Lukas Daniel Haas (born April 16, 1976) is an American actor and musician. His acting career has spanned four decades, during which he has appeared in more than 50 feature films and a number of television shows and stage productions.

Early life
Haas was born in West Hollywood, California, the son of Berthold Haas, an artist, and Emily Tracy, an author. His mother is from Texas, and his father emigrated from Germany. He has two brothers: twins Simon Jakoway Haas and Nikolai Johannes Haas, both designers.

Acting career
Haas was discovered at the age of five in his kindergarten by casting director Margery Simkin. His first screen role was as a child in the 1983 nuclear holocaust film Testament. He became more widely known in 1985 when, at the age of eight, he appeared in Witness. His performance as an Amish boy who is the sole witness to a police officer's murder was well received by critics. Haas followed this with roles in films such as Solarbabies (1986) and  Lady in White (1988). In 1989, he appeared in the film Music Box, as the 12-year-old son of Jessica Lange's character, and grandson of an immigrant who is accused of being a war criminal. For this role he was nominated for the Young Artist Award. He also starred in the films Alan and Naomi (1992) and Rambling Rose (1993).

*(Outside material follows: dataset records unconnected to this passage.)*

(* Write S_m for the subalgebra of A generated by the x_i, y_i with i < m, so
   that S_0 = K 1 and, by the universal property of the presentation,
   S_n = A.  We prove ACC for the ideals of every S_m by induction on m, in
   the style of Hilbert's basis theorem; S_0 is a field.  For the step let
   C = S_m, S = S_(m+1), X = x_m and Y = y_m: then YX = 1, C commutes with X
   and Y, and E = 1 - XY is an idempotent with E Y^s X^u E = [s = u] E, so the
   E_st = X^s E Y^t behave as matrix units.  Their C-span F is an ideal of S,
   and every a in S has a normal form X^r a = sum_j c_j X^j + p with c_j in C
   and p in F.  To an ideal I of S we attach ideals of C: the corner ideal
   {c | cE in I} and, for every degree d, the ideal of leading coefficients of
   degree d.  Two nested ideals of S with the same invariants coincide, and
   ACC in C makes all the invariants of an ascending chain stabilize at once. *)
From HB Require Import structures.
From mathcomp Require Import all_boot all_order all_algebra.
From mathcomp Require Import boolp.
Set Implicit Arguments. Unset Strict Implicit. Unset Printing Implicit Defensive.
Import GRing.Theory.
Local Open Scope ring_scope.

Inductive gen (K : fieldType) (A : algType K) (n : nat) (x y : 'I_n -> A)
    (m : nat) : A -> Prop :=
| gen_scalar (k : K) : gen x y m k%:A
| gen_x (i : 'I_n) : (i < m)%N -> gen x y m (x i)
| gen_y (i : 'I_n) : (i < m)%N -> gen x y m (y i)
| gen_add a b : gen x y m a -> gen x y m b -> gen x y m (a + b)
| gen_mul a b : gen x y m a -> gen x y m b -> gen x y m (a * b).

Section Generated.
Variables (K : fieldType) (n : nat) (A : algType K) (x y : 'I_n -> A).

Lemma gen_mono m m' a : (m <= m')%N -> gen x y m a -> gen x y m' a.
Proof.
move=> le_mm'; elim=> {a} [k|i lt_im|i lt_im|a b _ ha _ hb|a b _ ha _ hb].
- exact: gen_scalar.
- exact/gen_x/(leq_trans lt_im).
- exact/gen_y/(leq_trans lt_im).
- exact: gen_add.
- exact: gen_mul.
Qed.

Lemma gen1 m : gen x y m 1.
Proof. by rewrite -[1 : A]scale1r; apply: gen_scalar. Qed.

Lemma gen0 m : gen x y m 0.
Proof. by rewrite -(scale0r (1 : A)); apply: gen_scalar. Qed.

Lemma genN m a : gen x y m a -> gen x y m (- a).
Proof.
by move=> ha; rewrite -scaleN1r -mulr_algl; apply: gen_mul => //; apply: gen_scalar.
Qed.

Lemma genB m a b : gen x y m a -> gen x y m b -> gen x y m (a - b).
Proof. by move=> ha hb; apply: gen_add => //; apply: genN. Qed.

Lemma genX m a k : gen x y m a -> gen x y m (a ^+ k).
Proof.
move=> ha; elim: k => [|k ih]; first by rewrite expr0; apply: gen1.
by rewrite exprS; apply: gen_mul.
Qed.

Lemma gen_sum m (T : eqType) (s : seq T) (F : T -> A) :
  (forall l, l \in s -> gen x y m (F l)) -> gen x y m (\sum_(l <- s) F l).
Proof.
elim: s => [|l s ih] hs; first by rewrite big_nil; apply: gen0.
rewrite big_cons; apply: gen_add; first by apply: hs; rewrite mem_head.
by apply: ih => l' hl'; apply: hs; rewrite in_cons hl' orbT.
Qed.

End Generated.

(* Working with
   carriers inside A lets us run an induction over the subalgebras
   gen x y m without building each of them as a separate type. *)
Definition ideal_in (A : pzRingType) (S I : A -> Prop) : Prop :=
  [/\ forall a, I a -> S a, I 0, forall a b, I a -> I b -> I (a + b),
      forall s a, S s -> I a -> I (s * a) & forall s a, S s -> I a -> I (a * s)].

Definition acc_in (A : pzRingType) (S : A -> Prop) : Prop :=
  forall I : nat -> A -> Prop, (forall k, ideal_in S (I k)) ->
    (forall k a, I k a -> I k.+1 a) ->
    exists m, forall k, (m <= k)%N -> forall a, I k a <-> I m a.

Lemma ideal_inN (A : pzRingType) (S I : A -> Prop) a :
  ideal_in S I -> S (-1) -> I a -> I (- a).
Proof. by case=> _ _ _ IS _ SN1 Ia; rewrite -mulN1r; apply: IS. Qed.

Lemma ideal_inB (A : pzRingType) (S I : A -> Prop) a b :
  ideal_in S I -> S (-1) -> I a -> I b -> I (a - b).
Proof.
by move=> hI SN1 Ia Ib; case: (hI) => _ _ ID _ _; apply: ID => //; apply: (ideal_inN hI).
Qed.

Lemma ideal_in_sum (A : pzRingType) (S I : A -> Prop) (T : eqType) (r : seq T)
    (G : T -> A) :
  ideal_in S I -> (forall i, i \in r -> I (G i)) -> I (\sum_(i <- r) G i).
Proof.
move=> [_ I0 ID _ _]; elim: r => [|i r ih] hr; first by rewrite big_nil.
rewrite big_cons; apply: ID; first by apply: hr; rewrite mem_head.
by apply: ih => j hj; apply: hr; rewrite in_cons hj orbT.
Qed.

Lemma subr_common_head (V : zmodType) (a b c e f : V) :
  (a + b + c) - (a + e + f) = (b - e) + (c - f).
Proof. by rewrite !opprD !addrA (addrAC (a + b) c) (addrAC a b) subrr add0r (addrAC b c). Qed.

Lemma addr3ACA (V : zmodType) (u1 v1 w1 u2 v2 w2 : V) :
  u1 + v1 + w1 + (u2 + v2 + w2) = (u1 + u2) + (v1 + v2) + (w1 + w2).
Proof. by rewrite addrACA (addrACA u1). Qed.

Section Chains.
Variable T : Type.

Lemma chain_le (I : nat -> T -> Prop) : (forall k a, I k a -> I k.+1 a) ->
  forall k k' a, (k <= k')%N -> I k a -> I k' a.
Proof.
move=> I_incr k k' a; elim: k' => [|k' ih]; first by rewrite leqn0 => /eqP ->.
by rewrite leq_eqVlt => /orP [/eqP -> //|]; rewrite ltnS => /ih Ik /Ik /I_incr.
Qed.

Lemma stable_from_later (I : nat -> T -> Prop) m M :
  (forall k, (m <= k)%N -> forall a, I k a <-> I m a) -> (m <= M)%N ->
  forall k, (M <= k)%N -> forall a, I k a <-> I M a.
Proof.
by move=> stab le_mM k le_Mk a; rewrite (stab k (leq_trans le_mM le_Mk)) (stab M le_mM).
Qed.

Lemma stable_uniformly (F : nat -> nat -> T -> Prop) :
  (forall d, exists m, forall k, (m <= k)%N -> forall a, F d k a <-> F d m a) ->
  forall D, exists M, forall d, (d < D)%N ->
    forall k, (M <= k)%N -> forall a, F d k a <-> F d M a.
Proof.
move=> stab; elim=> [|D [M hM]]; first by exists 0%N.
have [MD hMD] := stab D; exists (maxn M MD) => d; rewrite ltnS leq_eqVlt.
case/orP=> [/eqP ->|lt_dD]; first by apply: (stable_from_later hMD); apply: leq_maxr.
by apply: (stable_from_later (hM d lt_dD)); apply: leq_maxl.
Qed.

End Chains.

(* A K-algebra presented as S_n is generated by the x_i and y_i: the
   subalgebra they generate satisfies the same universal property, so the
   inclusion of that subalgebra is onto by the uniqueness clause. *)
Section GeneratedSubalgebra.
Variables (K : fieldType) (n : nat) (A : algType K) (x y : 'I_n -> A).

Definition genb : pred A := fun a => `[< gen x y n a >].

Lemma genb_subalg_closed : GRing.subsemialg_closed genb.
Proof.
split; first exact/asboolP/gen1.
- by split=> [|a b /asboolP ha /asboolP hb]; apply/asboolP; [apply: gen0 | apply: gen_add].
- move=> k a /asboolP ha; apply/asboolP; rewrite -mulr_algl.
  by apply: gen_mul => //; apply: gen_scalar.
- by move=> a b /asboolP ha /asboolP hb; apply/asboolP; apply: gen_mul.
Qed.

HB.instance Definition _ :=
  GRing.isSubalgClosed.Build K A genb genb_subalg_closed.

Record gen_subalg := GenSubalg { gen_val : A; _ : gen_val \in genb }.
HB.instance Definition _ := [isSub for gen_val].
HB.instance Definition _ := [Choice of gen_subalg by <:].
HB.instance Definition _ := [SubChoice_isSubAlgebra of gen_subalg by <:].

Definition x_sub i : gen_subalg := GenSubalg (introT (asboolP _) (gen_x x y (ltn_ord i))).
Definition y_sub i : gen_subalg := GenSubalg (introT (asboolP _) (gen_y x y (ltn_ord i))).

Lemma Sn_generated : is_Sn x y -> forall a, gen x y n a.
Proof.
move=> [rel univ].
have rel_sub : Sn_relations x_sub y_sub.
  case: rel => yx comm; split=> [i|i j neq_ij]; first by apply: val_inj; rewrite /= yx.
  by case: (comm i j neq_ij) => c1 c2 c3; split; apply: val_inj.
have [[f [f_hom f_gen]] _] := univ _ x_sub y_sub rel_sub.
have [_ uniq] := univ _ x y rel.
have comp_hom : is_alg_hom (fun a => gen_val (f a)).
  case: f_hom => fD fM f1 fZ; split=> [a b|a b||k a]; by rewrite ?fD ?fM ?f1 ?fZ.
have id_hom : is_alg_hom (fun a : A => a) by [].
move=> a; rewrite -(uniq _ _ comp_hom id_hom _ a); first exact/asboolP/(valP (f a)).
by move=> i; case: (f_gen i) => -> ->.
Qed.

End GeneratedSubalgebra.

(* Base of the induction: gen x y 0 = K 1 is a field, so its only ideals
   are 0 and the whole subalgebra, and every chain of them stabilizes. *)
Section ScalarSubalgebra.
Variables (K : fieldType) (n : nat) (A : algType K) (x y : 'I_n -> A).

Lemma gen0_scalar a : gen x y 0 a -> exists k : K, a = k%:A.
Proof.
elim=> {a} [k|//|//|a b _ [k ->] _ [l ->]|a b _ [k ->] _ [l ->]].
- by exists k.
- by exists (k + l); rewrite scalerDl.
- by exists (k * l); rewrite mulr_algl scalerA.
Qed.

Lemma gen0_ideal_full (I : A -> Prop) a : ideal_in (gen x y 0) I -> I a -> a <> 0 ->
  forall b, gen x y 0 b -> I b.
Proof.
move=> [I_sub _ _ IS SI] Ia a_neq0 b hb.
have [k a_eq] := gen0_scalar (I_sub _ Ia).
have k_neq0 : k != 0 by apply: contra_notN a_neq0 => /eqP k0; rewrite a_eq k0 scale0r.
have I1 : I 1.
  have -> : (1 : A) = k^-1%:A * a by rewrite a_eq mulr_algl scalerA mulVf // scale1r.
  exact/IS/Ia/gen_scalar.
by rewrite -(mul1r b); apply: SI.
Qed.

Lemma acc_gen0 : acc_in (gen x y 0).
Proof.
move=> I I_ideal I_incr.
have [[k [a [Ika a_neq0]]]|all_zero] := pselect (exists k a, I k a /\ a <> 0).
  have full j : (k <= j)%N -> forall b, gen x y 0 b -> I j b.
    by move=> le_kj; apply: (gen0_ideal_full (I_ideal j) (chain_le I_incr le_kj Ika)).
  exists k => j le_kj b; have [Ij_sub _ _ _ _] := I_ideal j.
  have [Ik_sub _ _ _ _] := I_ideal k.
  by split=> [/Ij_sub|/Ik_sub]; apply: full.
have zero j b : I j b -> b = 0.
  by move=> Ijb; apply: contrapT => b_neq0; apply: all_zero; exists j, b.
exists 0%N => j _ b; have [_ Ij0 _ _ _] := I_ideal j; have [_ I00 _ _ _] := I_ideal 0%N.
by split=> /zero ->.
Qed.

End ScalarSubalgebra.

Section Step.
Variables (K : fieldType) (n : nat) (A : algType K) (x y : 'I_n -> A).
Hypothesis yx : forall i, y i * x i = 1.
Hypothesis comm_xy : forall i j, i != j ->
  [/\ commr (x i) (y j) = 0, commr (x i) (x j) = 0 & commr (y i) (y j) = 0].
Variables (m : nat) (lt_mn : (m < n)%N).

Local Notation X := (x (Ordinal lt_mn)).
Local Notation Y := (y (Ordinal lt_mn)).
Local Notation C := (gen x y m).
Local Notation S := (gen x y m.+1).

(* The idempotent E = 1 - XY; it is locked so that rewriting never sees
   through it. *)
Fact E_key : unit. Proof. exact: tt. Qed.
Definition E : A := locked_with E_key (1 - X * Y).
Lemma E_def : E = 1 - X * Y. Proof. by rewrite /E unlock. Qed.

(* The matrix units E_st = X^s E Y^t of the Jacobson algebra K<X, Y | YX = 1>. *)
Definition Est (st : nat * nat) : A := X ^+ st.1 * E * Y ^+ st.2.

Lemma comm_of_commr (a b : A) : commr a b = 0 -> GRing.comm a b.
Proof. by rewrite /commr => /eqP; rewrite subr_eq0 => /eqP. Qed.

Lemma C_comm_XY c : C c -> GRing.comm c X /\ GRing.comm c Y.
Proof.
elim=> {c} [k|i lt_im|i lt_im|a b _ [aX aY] _ [bX bY]|a b _ [aX aY] _ [bX bY]].
- by split; rewrite /GRing.comm mulr_algl mulr_algr.
- have neq_im : i != Ordinal lt_mn by rewrite neq_ltn lt_im.
  by case: (comm_xy neq_im) => xy xx _; split; apply: comm_of_commr.
- have neq_im : i != Ordinal lt_mn by rewrite neq_ltn lt_im.
  have neq_mi : Ordinal lt_mn != i by rewrite eq_sym.
  case: (comm_xy neq_mi) => xy _ _; case: (comm_xy neq_im) => _ _ yy.
  by split; [apply/commr_sym/comm_of_commr | apply: comm_of_commr].
- by split; apply/commr_sym/commrD; apply/commr_sym.
- by split; apply/commr_sym/commrM; apply/commr_sym.
Qed.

Haas received an Emmy nomination for his portrayal of Ryan White in the television film The Ryan White Story (1989), about an American teenager who contracted AIDS through contaminated blood treatments for hemophilia. On stage in 1988, he performed in Samuel Beckett's Waiting for Godot at Lincoln Center in New York City. He went on to appear in Everyone Says I Love You, Mars Attacks!, and Breakfast of Champions. His work in the 2000s includes Brick, Last Days, and While She Was Out. Haas also gained recognition for his portrayal of The Patient in the music video for the My Chemical Romance song "Welcome to the Black Parade".

In March 2010, Haas was inducted into the Texas Film Hall of Fame. More recently he appeared in Red Riding Hood, Contraband and Christopher Nolan's Inception. He has made guest appearances in Amazing Stories, both the 1985 and the 2002 versions of The Twilight Zone, The Young Indiana Jones Chronicles, As Told by Ginger, The Zeta Project, 24, Criminal Minds, Dirt and Entourage. He had a role on the 2012 television series Touch. During 2014 he co-starred also in the horror film Dark Was the Night.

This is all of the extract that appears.